At this point I entered an extremely frustrating season that lasted for months. I struggled with many questions about the Bible. I would listen to the sermon at church and wonder if God would accept me, let alone love me, after what I had done. There weren't many people my age with whom I could discuss my concerns. So I resolved to read through the New Testament of a student Bible that my mother had given me. I began reading about Jesus every night.

When I did, I bounced back and forth between self-condemnation and false hope in my good behavior. It was exhausting, to say the least. The more I tried to be a Christian, the emptier I felt. The more I tried to figure faith out, the more confused I became. There were many times that I wanted to wash my hands of the whole thing, but there was a gnawing in my heart drawing me back to the Jesus I was reading about. I could not get him out of my mind.

During the spring of my senior year, Sugar Land First United Methodist hosted a revival weekend featuring a guest preacher from a Methodist church in Tennessee.

The preacher recounted the biblical story of a man who had been paralyzed for a long time, lying by a pool of water in Jerusalem. His community believed that when the water of the pool was stirred, whoever could get into the water first would be healed. For a man who hadn't moved for 38 years, this proved to be a challenge.

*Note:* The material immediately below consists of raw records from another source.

(* Let $p\in(0,1]$ and consider two independent doors, each initially closed, each opening independently with probability $p$ on every knock on it (and staying open once open). Let $A_{\mathrm{simp}}=(1,2)^\infty$ be the alternating knock sequence $1,2,1,2,\dots$, executed without feedback. Then the expected number of knocks until both doors are open is $\mathbb{T}_{\mathcal{I}}(A_{\mathrm{simp}})=\frac{3}{p}-1$. *)

From Stdlib Require Import Reals Lra Lia Arith List.
From Coquelicot Require Import Coquelicot.
Open Scope R_scope.

(* Doors are indexed by natural numbers 0 .. n-1 (door "1" of the paper is 0,
   door "2" is 1).  A knock sequence (executed without feedback) is a function
   A : nat -> nat giving the door knocked at step s = 0,1,2,...            *)

Fixpoint knocks_on (A : nat -> nat) (i : nat) (t : nat) : nat :=
  match t with
  | O => O
  | S t' => (if Nat.eqb (A t') i then 1 else 0) + knocks_on A i t'
  end.

(* Each door, initially closed, opens independently with probability p on
   every knock on it and stays open.  Hence door i is still closed after t
   knocks with probability (1-p)^(knocks_on A i t), and by independence of the
   doors, all n doors are open after t knocks with probability
   prod_{i<n} (1 - (1-p)^(knocks_on A i t)). *)
Definition all_open_prob (n : nat) (p : R) (A : nat -> nat) (t : nat) : R :=
  fold_right Rmult 1 (map (fun i => 1 - (1 - p) ^ (knocks_on A i t)) (seq 0 n)).

Definition tail_prob (n : nat) (p : R) (A : nat -> nat) (t : nat) : R :=
  1 - all_open_prob n p A t.

(* The expected number of knocks T_I(A) equals v:  E[T] = sum_{t>=0} P(T > t)
   (T is a nonnegative integer random variable), the series converging to v. *)
Definition expected_knocks_is (n : nat) (p : R) (A : nat -> nat) (v : R) : Prop :=
  is_series (tail_prob n p A) v.

Definition A_simp : nat -> nat := fun s => Nat.modulo s 2.

(* With q = 1 - p, door i is still closed after t knocks with probability
   q^(k_i t), where k_i t counts the knocks on door i, so
   P(T > t) = q^(k_0 t) + q^(k_1 t) - q^(k_0 t + k_1 t).  Under the alternating
   sequence k_0 (2m) = k_1 (2m) = m, while k_0 (2m+1) = m+1 and k_1 (2m+1) = m.
   Both the even- and the odd-indexed tails are therefore combinations of the
   geometric series in q and q^2, with sums 2/p - 1/(1-q^2) and
   (1+q)/p - q/(1-q^2); since 1 - q^2 = p (1+q), these add up to 3/p - 1. *)
From Stdlib Require Import Reals Lra Lia.
From Coquelicot Require Import Coquelicot.
Open Scope R_scope.

Lemma filterlim_even_odd {T : Type} (u : nat -> T) (F : (T -> Prop) -> Prop) :
  filterlim (fun m => u (2 * m)%nat) eventually F ->
  filterlim (fun m => u (S (2 * m))) eventually F ->
  filterlim u eventually F.
Proof.
  intros Heven Hodd P HP.
  destruct (Heven P HP) as [N1 HN1], (Hodd P HP) as [N2 HN2].
  exists (2 * max N1 N2)%nat; intros n Hn.
  destruct (Nat.Even_or_Odd n) as [[m ->] | [m ->]].
  - apply HN1; lia.
  - rewrite Nat.add_1_r; apply HN2; lia.
Qed.

Lemma sum_n_odd_split (a : nat -> R) (m : nat) :
  sum_n a (S (2 * m)) =
  sum_n (fun k => a (2 * k)%nat) m + sum_n (fun k => a (S (2 * k))) m.
Proof.
  induction m as [|m IH].
  - rewrite !sum_O, sum_Sn, sum_O; reflexivity.
  - replace (S (2 * S m)) with (S (S (S (2 * m)))) by lia.
    rewrite (sum_Sn a (S (S (2 * m)))), (sum_Sn a (S (2 * m))), IH, !sum_Sn.
    replace (2 * S m)%nat with (S (S (2 * m))) by lia.
    unfold plus; simpl; ring.
Qed.

Lemma is_series_even_odd (a : nat -> R) (l1 l2 : R) :
  is_series (fun k => a (2 * k)%nat) l1 ->
  is_series (fun k => a (S (2 * k))) l2 ->
  is_series a (l1 + l2).
Proof.
  intros Heven Hodd.
  assert (Hsum_odd : is_lim_seq (fun m => sum_n a (S (2 * m))) (l1 + l2)).
  { eapply is_lim_seq_ext; [intros m; symmetry; apply sum_n_odd_split |].
    exact (is_lim_seq_plus' _ _ _ _ Heven Hodd). }
  apply filterlim_even_odd; [| exact Hsum_odd].
  (* The even partial sums lag the odd ones by a term of a convergent series. *)
  assert (Hterm : is_lim_seq (fun m => a (S (2 * m))) 0).
  { apply ex_series_lim_0; exists l2; exact Hodd. }
  change (is_lim_seq (fun m => sum_n a (2 * m)%nat) (l1 + l2)).
  replace (l1 + l2) with (l1 + l2 - 0) by ring.
  eapply is_lim_seq_ext; [| exact (is_lim_seq_minus' _ _ _ _ Hsum_odd Hterm)].
  intros m; simpl; rewrite sum_Sn; unfold plus; simpl; ring.
Qed.

Lemma is_series_scal_geom (c x : R) :
  Rabs x < 1 -> is_series (fun n => c * x ^ n) (c / (1 - x)).
Proof. intros Hx; exact (is_series_scal_l c _ _ (is_series_geom x Hx)). Qed.

Lemma tail_prob_two_doors (p : R) (A : nat -> nat) (t : nat) :
  tail_prob 2 p A t =
  (1 - p) ^ knocks_on A 0 t + (1 - p) ^ knocks_on A 1 t
  - (1 - p) ^ (knocks_on A 0 t + knocks_on A 1 t).
Proof. unfold tail_prob, all_open_prob; simpl; rewrite pow_add; ring. Qed.

Lemma knocks_on_A_simp_even (i m : nat) :
  (i < 2)%nat -> knocks_on A_simp i (2 * m) = m.
Proof.
  intros Hi; induction m as [|m IH]; [reflexivity |].
  replace (2 * S m)%nat with (S (S (2 * m))) by lia.
  cbn [knocks_on]; rewrite IH; unfold A_simp.
  rewrite Nat.mul_comm, Nat.Div0.mod_mul.
  replace (S (m * 2)) with (1 + m * 2)%nat by lia; rewrite Nat.Div0.mod_add.
  destruct i as [|[|i]]; simpl; lia.
Qed.

Lemma knocks_on_A_simp_odd (i m : nat) :
  (i < 2)%nat -> knocks_on A_simp i (S (2 * m)) = (m + (if i =? 0 then 1 else 0))%nat.
Proof.
  intros Hi; cbn [knocks_on]; rewrite knocks_on_A_simp_even by exact Hi.
  unfold A_simp; rewrite Nat.mul_comm, Nat.Div0.mod_mul.
  destruct i as [|[|i]]; simpl; lia.
Qed.

Lemma tail_prob_A_simp_even (p : R) (m : nat) :
  tail_prob 2 p A_simp (2 * m) = 2 * (1 - p) ^ m - 1 * ((1 - p) ^ 2) ^ m.
Proof.
  rewrite tail_prob_two_doors, !knocks_on_A_simp_even by lia.
  rewrite <- pow_mult; replace (2 * m)%nat with (m + m)%nat by lia; ring.
Qed.

Lemma tail_prob_A_simp_odd (p : R) (m : nat) :
  tail_prob 2 p A_simp (S (2 * m)) =
  (1 + (1 - p)) * (1 - p) ^ m - (1 - p) * ((1 - p) ^ 2) ^ m.
Proof.
  rewrite tail_prob_two_doors, !knocks_on_A_simp_odd by lia; cbn [Nat.eqb].
  rewrite <- pow_mult, !Nat.add_0_r, Nat.add_1_r.
  replace (2 * m)%nat with (m + m)%nat by lia.
  rewrite Nat.add_succ_l; cbn [pow]; rewrite pow_add; ring.
Qed.

Theorem mainTheorem17 (p : R) (hp0 : 0 < p) (hp1 : p <= 1) :
  expected_knocks_is 2 p A_simp (3 / p - 1).
Proof.
  set (q := 1 - p).
  assert (Hq : 0 <= q < 1) by (unfold q; lra).
  assert (Hq_abs : Rabs q < 1) by (rewrite Rabs_pos_eq; lra).
  assert (Hq2_abs : Rabs (q ^ 2) < 1).
  { rewrite Rabs_pos_eq by (apply pow_le; lra).
    apply (pow_lt_1_compat q 2 Hq); lia. }
  replace (3 / p - 1) with
    ((2 / (1 - q) - 1 / (1 - q ^ 2)) + ((1 + q) / (1 - q) - q / (1 - q ^ 2)))
    by (unfold q; field; split; nra).
  apply is_series_even_odd.
  - eapply is_series_ext; [intros m; symmetry; apply tail_prob_A_simp_even |].
    exact (is_series_minus _ _ _ _
             (is_series_scal_geom 2 q Hq_abs) (is_series_scal_geom 1 _ Hq2_abs)).
  - eapply is_series_ext; [intros m; symmetry; apply tail_prob_A_simp_odd |].
    exact (is_series_minus _ _ _ _
             (is_series_scal_geom (1 + q) q Hq_abs) (is_series_scal_geom q _ Hq2_abs)).
Qed.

Jesus asked the man a question: "Do you want to be well?" It seemed to me like a strange question. The man answered that he did, but began making excuses about why he couldn't get into the water. Jesus then healed him on the spot.

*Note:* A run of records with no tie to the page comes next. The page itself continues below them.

Lemma cond_at_unglue g s : is_partition g -> cond_at k.+1 g s -> s <= k ->
  cond_at k (unglue g) s.
Proof.
move=> pg cg sk; have /cond_atP[smin gm gd] := cg.
have hg : has_part_below g by rewrite (has_part_below_min smin).
have s_gt0 : 0 < s by case/min_partP: smin => /andP[].
rewrite (maxn_idPl (leqW sk)) in gm gd; apply/cond_atP; rewrite (maxn_idPl sk); split.
- rewrite (@eq_min_part _ g) // => j js.
  by rewrite unglue_eq_below // (leq_trans js).
- by move=> j jk; rewrite unglue_eq_below // gm // leqW.
- move=> j; rewrite /is_part unglueE //.
  case: eqP => [-> _ _ | _]; first by rewrite val_K; nia.
  case: eqP => [_ /andP[_] // | /eqP jM jf jm].
  have jMn : j != m * k.+1 :> nat by rewrite -val_M val_eqE.
  move: (gd j jf jm) jMn; case/dvdnP: jm => q ->.
  by rewrite mulnC eqn_pmul2l ?leq_pmul2l ?(ltnW m_gt1) //; lia.
Qed.

Lemma glue_id f : ~~ has_part_below f -> glue f = f.
Proof. by rewrite /glue => /negPf->. Qed.

Lemma unglue_id g : ~~ has_part_below g -> unglue g = g.
Proof. by rewrite /unglue => /negPf->. Qed.

Lemma glue_mem f : f \in interp_set k -> glue f \in interp_set k.+1.
Proof.
rewrite !inE => /andP[pf /existsP[s cf]]; have /cond_atP[smin _ _] := cf.
have [sk | ks] := leqP s k.
  rewrite glue_partition ?(mult_M_eq0 cf) //.
  by apply/existsP; exists s; apply: cond_at_glue.
rewrite glue_id ?(has_part_below_min smin) -?ltnNge // pf.
by apply/existsP; exists s; rewrite -cond_at_succ_above.
Qed.

Lemma unglue_mem g : g \in interp_set k.+1 -> unglue g \in interp_set k.
Proof.
rewrite !inE => /andP[pg /existsP[s cg]]; have /cond_atP[smin _ _] := cg.
rewrite unglue_partition //; have [sk | ks] := leqP s k.
  by apply/existsP; exists s; apply: cond_at_unglue.
rewrite unglue_id ?(has_part_below_min smin) -?ltnNge //.
by apply/existsP; exists s; rewrite cond_at_succ_above.
Qed.

Lemma glueK : {in interp_set k, cancel glue unglue}.
Proof.
move=> f; rewrite inE => /andP[pf /existsP[s cf]]; have /cond_atP[smin _ _] := cf.
have hf := has_part_below_min smin; have [sk | ks] := leqP s k; last first.
  by rewrite glue_id ?unglue_id // hf -ltnNge.
have /cond_atP[smin' _ _] := cond_at_glue pf cf sk.
rewrite /unglue (has_part_below_min smin') sk !glueE ?hf //.
rewrite !eqxx [M == K]eq_sym (negPf K_neq_M) /glue hf sk upd2_upd2.
apply: upd2_id; first by rewrite addnC mulnC -divn_eq.
by rewrite (mult_M_eq0 cf sk).
Qed.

The preacher turned to us in the crowd and asked the same question. "Do you want to be well?"

All my life I had been paralyzed by fear, by depression, by pride. And I always had an excuse for why I did what I did. The preacher cut through all of that by repeating the question that Jesus asked the man. I remember vividly thinking, If Jesus will heal me, I want to be well.

That night, I didn't pray a special prayer or speak in tongues or fill out a card or even cry. But I did ask Jesus to make me well. It was a quiet moment between the Lord and me, but that day he began to open my eyes, open my ears, and soften my heart. He made me his own.

Old sins die hard, and without much discipleship early on, my first years as a believer were a little unstable. But the God who justifies us also sanctifies us, and at the right time, he brought into my life wise and faithful men to correct me and disciple me. Over the next few years I began to realize that my sins were forgiven, not because of anything I had done but because of what Jesus accomplished on the cross. I learned that I was called to live for him day in and day out, not just when I found it convenient. God had purchased me completely, not just partially, and because of that my life was no longer my own. I belonged to him.

Because of Jesus, I learned to face the consequences of killing my friend—which included five years of probation and community service—with courage. I began to stand in front of other teenagers and talk to them about making good choices and the foolishness of drinking and driving. God turned my desires to make much of myself into a desire to make much of him. He enabled me to use my past and experiences to encourage others away from sin and toward Jesus. He transformed me, empty and lost and alone, into his very son, forgiven, full of hope and purpose. It has been a long and bumpy road for sure, but God has changed me and is still changing me.

While I still lack answers, I am confident that Jesus is the Son of God, that he is able to forgive sins, and that he is in the business of making broken people brand new.